Humans already use what’s called mental accounting in their day-to-day lives, but the concept could be used much more effectively when it comes to planning retirement outcomes.
We routinely earmark money into different notional accounts – for example, the mortgage payment or private education savings – instead of thinking in terms of our whole portfolio. It can be irrational, but it has aided our self-control and helped us keep track of important goals for generations. The banks have developed various products to support mental accounting, but how well is the super system managing this bias to deliver optimal retirement outcomes?
In the 1999 Journal of Behavioral Decision Making article “Mental Accounting Matters”, Richard Thaler recognised that households routinely organise and evaluate their finances using a cognitive system of mental accounting to aid self-control. But this system can lead to irrational outcomes. For example, an individual saving for a specific goal, such as Christmas presents, might set up a monthly direct debit to deposit money into a savings account earning 1.5 per cent a year, even though they have credit-card debt that’s generating an interest bill of more than 20 per cent a year. Clearly, if approached from the perspective of the total portfolio, the rational individual would pay down the debt first and then allocate residual money into the savings account.
The banking system has embraced this human bias. Suncorp allows you to link up to nine sub-accounts to help you “see how your savings goals are tracking” and “with three pots of money, the AMP Bett3r Account (Bett3r) helps you automatically pay bills, save and know what’s left to spend”.
It all changes at retirement
All through our working lives, the financial system supports our need to engage in mental accounting: we receive a periodic wage, we segregate our short and medium-term finances into different buckets, and we have a long-term pool of retirement savings that we can’t touch. We don’t need to worry about our whole portfolio moving up and down in line with market fluctuations, as there are segmented pieces all designed to serve different purposes. But as soon as retirement hits, this structure changes. Suddenly we have a large, tempting lump sum of capital. And to manage it effectively, we need to take a whole-of-portfolio approach to it, which we aren’t well equipped to do.
A few advice techniques and products have been developed to address this. For example, part of the goals-based advice approach segregates clients’ wealth into short-, medium- and long-term buckets. Defining these can help clients stay the course during volatile markets. If the short-term bucket isn’t moving around (because it’s invested in short-term cash and fixed interest), clients feel comforted by this stability and may be more likely to keep their medium- and long-term buckets invested. Some of the larger super funds have adopted this strategy. Equip’s MyPension uses a bucketing strategy to help manage its members’ emotional drivers.
The bucketing approach isn’t a panacea, it can often lead to a client being too conservatively invested and can create a cash drag on returns. The advancements in managed accounts may help advisers handle the buckets systematically (like a diversified portfolio) and reduce some of the investment imperfections of the strategy, but I’m yet to see evidence of this. The imperfections of the bucketing strategy need to be weighed up against why we engage in mental accounting. One of the main reasons for it is to aid self-control. A cash drag on a portfolio may not be optimal over time, but worse is a client panicking at the bottom of a cycle, selling all of their growth investments, and not re-investing until the market has substantially recovered.
A better solution to retirement is more sophisticated reporting that could disaggregate a well-diversified portfolio into appropriately labelled mental accounts that match goals and timeframes.

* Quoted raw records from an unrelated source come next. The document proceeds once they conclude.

(* The inner binomial coefficients 'C(p^M, j), 0 < j < p^M, are divisible by p, and the two
   outer terms combine to (g (z + p^M) - g z) + (1 + (-1)^(p^M)) g z. *)
Lemma iter_nablaK_pX_bounded g (B e : R) M : 0 <= e -> 0 <= B ->
  boundedZp g B -> unif_modulus g e M ->
  boundedZp (iter (p ^ M) (@nablaK K) g) (Num.max e (B * (p%:R)^-1)).
Proof.
move=> e0 B0 hb hu z hz; rewrite iter_nablaKE.
have hq : (0 < p ^ M)%N by rewrite expn_gt0 p_gt0.
move: (hq); rewrite -(prednK hq); set q := (p ^ M).-1 => _.
rewrite big_ord_recr big_ord_recl /=; set mid := \sum_(i < q) _.
have hzj j : isZp abs (z + j%:R) by apply/isZpD/isZp_nat.
have hmid : abs mid <= B * (p%:R)^-1.
  apply: abs_sum_le; first by rewrite mulr_ge0 ?(ltW pinv_gt0).
  move=> i _; rewrite /diff_coef !absM abs_sign mul1r mulrC.
  apply: ler_pM; rewrite ?abs_ge0 ?hb //.
  have /dvdnP[c ->] : (p %| 'C(q.+1, bump 0 i))%N.
    rewrite /q prednK //; apply: prime_dvd_bin_pX; rewrite /bump leq0n add1n //.
    by have := ltn_ord i; rewrite /q ltn_predRL.
  by rewrite natrM absM abs_p ler_piMl ?(ltW pinv_gt0) ?abs_natr_le1.
have -> : diff_coef q.+1 0 * g (z + 0%:R) + mid + diff_coef q.+1 q.+1 * g (z + q.+1%:R) =
    (g (z + q.+1%:R) - g z) + (1 + (-1) ^+ q.+1) * g z + mid.
  by rewrite /diff_coef subn0 subnn bin0 binn expr0 mulr1 mul1r addr0; ring.
apply: absD_le; last by rewrite le_max hmid orbT.
apply: absD_le.
  rewrite le_max; apply/orP; left; apply: hu => //.
  by rewrite addrC addKr /q prednK // abs_pX.
rewrite le_max absM mulrC ler_pM ?abs_ge0 ?hb // ?orbT //.
by rewrite /q prednK // abs_1_add_signX.
Qed.

Lemma iter_nablaK_mulpX_bounded g (B e : R) M k : 0 <= e -> 0 <= B ->
  boundedZp g B -> unif_modulus g e M ->
  boundedZp (iter (k * p ^ M) (@nablaK K) g) (Num.max e (B * pinvX k)).
Proof.
move=> e0 B0 hb hu; elim: k => [|k IH].
  by move=> z hz; rewrite mul0n pinvX0 mulr1 le_max hb ?orbT.
rewrite mulSn iterD => z hz.
have hB' : 0 <= Num.max e (B * pinvX k) by rewrite le_max e0.
apply: le_trans (iter_nablaK_pX_bounded e0 hB' IH (iter_nablaK_unif_modulus _ hu) hz) _.
rewrite ge_max le_max lexx /= pinvXS mulrA.
have [_|_] := lerP e (B * pinvX k); first by rewrite le_max lexx orbT.
by rewrite le_max ler_piMr ?(ltW pinv_lt1).
Qed.

Lemma abs_mahler_le g B n : boundedZp g B -> abs (mahler g n) <= B.
Proof. by move=> hg; apply: iter_nablaK_bounded hg _ (isZp_nat 0). Qed.

Lemma mahler_tends0 g : contZp abs g -> tends0 (mahler g).
Proof.
move=> hg e e0; have [B B0 hB] := contZp_bounded hg.
have [M hM] := contZp_unif hg e0; have [k hk] := pinvX_small (divr_gt0 e0 B0).
exists (k * p ^ M)%N => n hn; rewrite /mahler -(subnK hn) iterD.
have := iter_nablaK_mulpX_bounded k (ltW e0) (ltW B0) hB hM.
move=> /(iter_nablaK_bounded (n - k * p ^ M))/(_ 0 (isZp_nat 0))/le_trans; apply.
by rewrite ge_max lexx /= mulrC -ler_pdivlMr // ltW.
Qed.
(* Let $m\ge1$ be an integer, $0<T<\infty$, and let $u$ be a smooth finite-energy solution of $u_t=u_{rr}+\frac1ru_r-\frac{m^2}{2r^2}\sin(2u)$ on $(0,T)$. Then no energy concentration at spatial infinity is possible: $$\lim_{R\to\infty}\limsup_{t\to T}E(u(t);B_R^c)=0,$$ where $E(u;B_R^c)=\frac12\int_R^\infty\big(u_r^2+\frac{m^2\sin^2u}{r^2}\big)r\,dr$.
   Context: $u(t,r)$ is the angle function of an $m$-corotational map $\mathbb R^2\to\mathbb S^2$ evolving by the harmonic map heat flow; finite energy means $E(u)=\frac12\int_0^\infty(u_r^2+\frac{m^2\sin^2u}{r^2})r\,dr<\infty$. *)

From Stdlib Require Import Reals List.
From Coquelicot Require Import Coquelicot.
Open Scope R_scope.

(* Iterated partial derivatives of a function of (t, r):
   [true] = derivative in t, [false] = derivative in r; the list is read
   outermost-first. *)
Fixpoint pderiv (l : list bool) (f : R -> R -> R) : R -> R -> R :=
  match l with
  | nil => f
  | true :: l' => fun t r => Derive (fun s => pderiv l' f s r) t
  | false :: l' => fun t r => Derive (fun s => pderiv l' f t s) r
  end.

Definition smooth_on (D : R -> R -> Prop) (f : R -> R -> R) : Prop :=
  forall (l : list bool) (t r : R), D t r ->
    continuous (fun p : R * R => pderiv l f (fst p) (snd p)) (t, r) /\
    ex_derive (fun s => pderiv l f s r) t /\
    ex_derive (fun s => pderiv l f t s) r.

(* energy density (including the r dr measure) of the angle function v *)
Definition energy_density (m : nat) (v : R -> R) (r : R) : R :=
  / 2 * ((Derive v r) ^ 2 + (INR m) ^ 2 * (sin (v r)) ^ 2 / r ^ 2) * r.

Definition has_energy (m : nat) (v : R -> R) (e : R) : Prop :=
  is_RInt_gen (energy_density m v) (at_right 0) (Rbar_locally p_infty) e.

Definition energy_out (m : nat) (v : R -> R) (Rad : R) : R :=
  RInt_gen (energy_density m v) (at_point Rad) (Rbar_locally p_infty).

Definition hmhf_solution (m : nat) (T : R) (u : R -> R -> R) : Prop :=
  forall t r, 0 < t < T -> 0 < r ->
    pderiv (true :: nil) u t r =
      pderiv (false :: false :: nil) u t r
      + / r * pderiv (false :: nil) u t r
      - (INR m) ^ 2 / (2 * r ^ 2) * sin (2 * u t r).

From Stdlib Require Import Reals List Lra Psatz.
From Coquelicot Require Import Coquelicot.
Open Scope R_scope.

(* With a cutoff [psi] vanishing near [R0] and near [2 A], the equation gives
   [d/dt int psi^2 e <= 2 int psi'^2 e], because the flux [psi^2 r u_r u_t]
   integrates to zero and the remaining defect is a sum of squares.  For a
   piecewise linear [psi] that equals 1 on [[2 R0, A]], [psi'^2 <= 1 / R0^2], so
   the energy of [u(t)] in [[2 R0, A]] is at most the energy of [u(t0)] in
   [[R0, 2 A]] plus [4 M (t - t0) / R0^2].  With [t0 = T/2] the first term is a
   tail of the finite energy [E(u(t0))] and the second is [O(M T / R0^2)]; both
   are small for [R0] large, uniformly in [A]. *)

Section ImproperIntegral.

Variable f : R -> R.
Hypothesis f_ex_RInt : forall a b, 0 < a -> a <= b -> ex_RInt f a b.
Hypothesis f_ge0 : forall x, 0 < x -> 0 <= f x.

Lemma RInt_ge0 a b : 0 < a -> a <= b -> 0 <= RInt f a b.
Proof.
  intros Ha Hab. apply RInt_ge_0; auto.
  intros x Hx. apply f_ge0. lra.
Qed.

Lemma RInt_Chasles_pos a b c : 0 < a -> a <= b -> b <= c ->
  RInt f a b + RInt f b c = RInt f a c.
Proof.
  intros Ha Hab Hbc.
  exact (RInt_Chasles (V:=R_CompleteNormedModule) f a b c
           (f_ex_RInt a b Ha Hab) (f_ex_RInt b c ltac:(lra) Hbc)).
Qed.

Lemma RInt_le_subinterval a b c d : 0 < a -> a <= b -> b <= c -> c <= d ->
  RInt f b c <= RInt f a d.
Proof.
  intros Ha Hab Hbc Hcd.
  rewrite <- (RInt_Chasles_pos a b d), <- (RInt_Chasles_pos b c d) by lra.
  pose proof (RInt_ge0 a b). pose proof (RInt_ge0 c d). lra.
Qed.

Lemma is_RInt_gen_RInt_near l eps :
  is_RInt_gen f (at_right 0) (Rbar_locally p_infty) l -> 0 < eps ->
  exists d N, 0 < d /\
    forall x y, 0 < x < d -> N < y -> Rabs (RInt f x y - l) < eps.
Proof.
  intros Hl Heps.
  destruct (proj1 (filterlimi_locally _ _) Hl (mkposreal eps Heps))
    as [Q P [d Hd] [N HN] HQP].
  exists d, N. split; [apply cond_pos|]. intros x y Hx Hy.
  destruct (HQP x y) as [z [Hz Hzl]].
  - apply Hd; [|lra]. unfold ball; simpl. unfold AbsRing_ball, abs, minus, plus, opp; simpl.
    rewrite Rabs_right; lra.
  - apply HN. lra.
  - simpl in Hz. rewrite (is_RInt_unique _ _ _ _ Hz). exact Hzl.
Qed.

Lemma RInt_le_is_RInt_gen l a b :
  is_RInt_gen f (at_right 0) (Rbar_locally p_infty) l -> 0 < a -> a <= b ->
  RInt f a b <= l.
Proof.
  intros Hl Ha Hab. apply le_epsilon. intros eps Heps.
  destruct (is_RInt_gen_RInt_near l eps Hl Heps) as [d [N [Hd HN]]].
  pose proof (Rmin_l a (d / 2)) as Hxa. pose proof (Rmin_r a (d / 2)) as Hxd.
  pose proof (Rmax_l b (Rabs N + 1)) as Hyb. pose proof (Rmax_r b (Rabs N + 1)) as HyN.
  assert (Hx : 0 < Rmin a (d / 2)) by (apply Rmin_glb_lt; lra).
  pose proof (Rle_abs N).
  assert (Hxy := HN (Rmin a (d / 2)) (Rmax b (Rabs N + 1)) ltac:(lra) ltac:(lra)).
  apply Rabs_def2 in Hxy.
  pose proof (RInt_le_subinterval _ a b _ Hx Hxa Hab Hyb). lra.
Qed.

Lemma RInt_tail_small l eps :
  is_RInt_gen f (at_right 0) (Rbar_locally p_infty) l -> 0 < eps ->
  exists N, 0 < N /\ forall a b, N <= a -> a <= b -> RInt f a b <= eps.
Proof.
  intros Hl Heps.
  destruct (is_RInt_gen_RInt_near l (eps / 2) Hl ltac:(lra)) as [d [N [Hd HN]]].
  pose proof (Rle_abs N). pose proof (Rabs_pos N).
  exists (Rabs N + d + 1). split; [lra|]. intros a b Ha Hab.
  assert (Ha' := HN (d / 2) a ltac:(lra) ltac:(lra)).
  assert (Hb' := HN (d / 2) b ltac:(lra) ltac:(lra)).
  apply Rabs_def2 in Ha'. apply Rabs_def2 in Hb'.
  pose proof (RInt_Chasles_pos (d / 2) a b ltac:(lra) ltac:(lra) Hab). lra.
Qed.

(* [RInt_gen] is junk unless the improper integral converges; here convergence
   comes from monotonicity, the limit being the supremum of [RInt f a b]. *)
Lemma RInt_gen_pinfty_le a X : 0 < a ->
  (forall b, a < b -> RInt f a b <= X) ->
  RInt_gen f (at_point a) (Rbar_locally p_infty) <= X.
Proof.
  intros Ha HX.
  set (E := fun y => exists b, a < b /\ y = RInt f a b).
  assert (HE : forall y, E y -> y <= X) by (intros y [b [Hb ->]]; auto).
  destruct (completeness E) as [L [HLub HLleast]].
  - exists X. exact HE.
  - exists (RInt f a (a + 1)), (a + 1). split; [lra | reflexivity].
  - assert (HL : is_RInt_gen f (at_point a) (Rbar_locally p_infty) L).
    { apply filterlimi_locally. intros eps.
      assert (Hb0 : exists b0, a < b0 /\ L - eps < RInt f a b0).
      { apply Classical_Prop.NNPP. intros Hn.
        assert (L <= L - eps).
        { apply HLleast. intros y [b [Hb ->]].
          apply Rnot_lt_le. intros Hlt. apply Hn. exists b. auto. }
        pose proof (cond_pos eps). lra. }
      destruct Hb0 as [b0 [Hb0 Hb0L]].
      apply (Filter_prod _ _ _ (fun x => x = a) (fun y => b0 < y)).
      - reflexivity.
      - exists b0. auto.
      - intros x y -> Hy. exists (RInt f a y). split.
        + apply (RInt_correct (V:=R_CompleteNormedModule)). apply f_ex_RInt; lra.
        + unfold ball; simpl. unfold AbsRing_ball, abs, minus, plus, opp; simpl.
          pose proof (RInt_le_subinterval a a b0 y Ha ltac:(lra) ltac:(lra) ltac:(lra)).
          assert (RInt f a y <= L) by (apply HLub; exists y; split; [lra | reflexivity]).
          apply Rabs_def1; lra. }
    rewrite (is_RInt_gen_unique _ _ HL). apply HLleast. exact HE.
Qed.

End ImproperIntegral.

Lemma le_of_Derive_le (g : R -> R) (C a b : R) : a <= b ->
  (forall s, a <= s <= b -> ex_derive g s /\ Derive g s <= C) ->
  g b <= g a + C * (b - a).
Proof.
  intros Hab Hg.
  destruct (MVT_gen g a b (Derive g)) as [c [Hc Hgc]];
    rewrite ?Rmin_left, ?Rmax_right in * by lra.
  - intros s Hs. apply Derive_correct, Hg. lra.
  - intros s Hs. apply continuity_pt_filterlim, (ex_derive_continuous (V:=R_NormedModule)).
    apply Hg, Hs.
  - pose proof (proj2 (Hg c Hc)). nra.
Qed.

Lemma energy_density_ge0 m v r : 0 < r -> 0 <= energy_density m v r.
Proof.
  intros Hr. unfold energy_density.
  assert (0 <= INR m ^ 2 * sin (v r) ^ 2 / r ^ 2).
  { apply Rmult_le_pos; [nra|]. left. apply Rinv_0_lt_compat, pow_lt, Hr. }
  pose proof (pow2_ge_0 (Derive v r)). nra.
Qed.

Lemma continuity_2d_pt_continuous_snd (F : R -> R -> R) t r :
  continuity_2d_pt F t r -> continuous (F t) r.
Proof.
  intros HF. apply continuity_2d_pt_filterlim in HF.
  exact (continuous_comp_2 (fun _ => t) (fun x => x) F r
           (continuous_const t r) (continuous_id r) HF).
Qed.

Section HeatFlow.

Variables (m : nat) (T : R) (u : R -> R -> R).
Hypothesis u_smooth : smooth_on (fun t r => 0 < t < T /\ 0 < r) u.
Hypothesis u_solves : hmhf_solution m T u.

Local Notation u_t := (pderiv (true :: nil) u).
Local Notation u_r := (pderiv (false :: nil) u).
Local Notation u_rr := (pderiv (false :: false :: nil) u).
Local Notation u_rt := (pderiv (true :: false :: nil) u).
Local Notation u_tr := (pderiv (false :: true :: nil) u).
Local Notation dens t := (energy_density m (u t)).

Lemma pderiv_continuity_2d l t r : 0 < t < T -> 0 < r ->
  continuity_2d_pt (pderiv l u) t r.
Proof.
  intros Ht Hr. apply continuity_2d_pt_filterlim.
  exact (proj1 (u_smooth l t r (conj Ht Hr))).
Qed.

Lemma pderiv_ex_derive_t l t r : 0 < t < T -> 0 < r ->
  ex_derive (fun s => pderiv l u s r) t.
Proof. intros Ht Hr. exact (proj1 (proj2 (u_smooth l t r (conj Ht Hr)))). Qed.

This would overcome any investment-related issues with managing separate buckets as a whole portfolio and enable meaningful advice conversations. While this is on the radar of some of the more progressive platforms, I’ve not seen it done well.
The government has acknowledged that behavioural biases at retirement need to be addressed and comprehensive income products for retirement need to deal with this issue. It’s clear the super system is grappling with mental accounting, but we’ve got a way to go yet. Product development, client reporting and member communications need to be mindful that we have biases that can lead to sub-optimal outcomes if not well managed. And we need to provide an appropriate set of crutches after work years to support better retirement outcomes.
Annika Bradley is a financial services consultant and a director of the CIMA Society of Australia.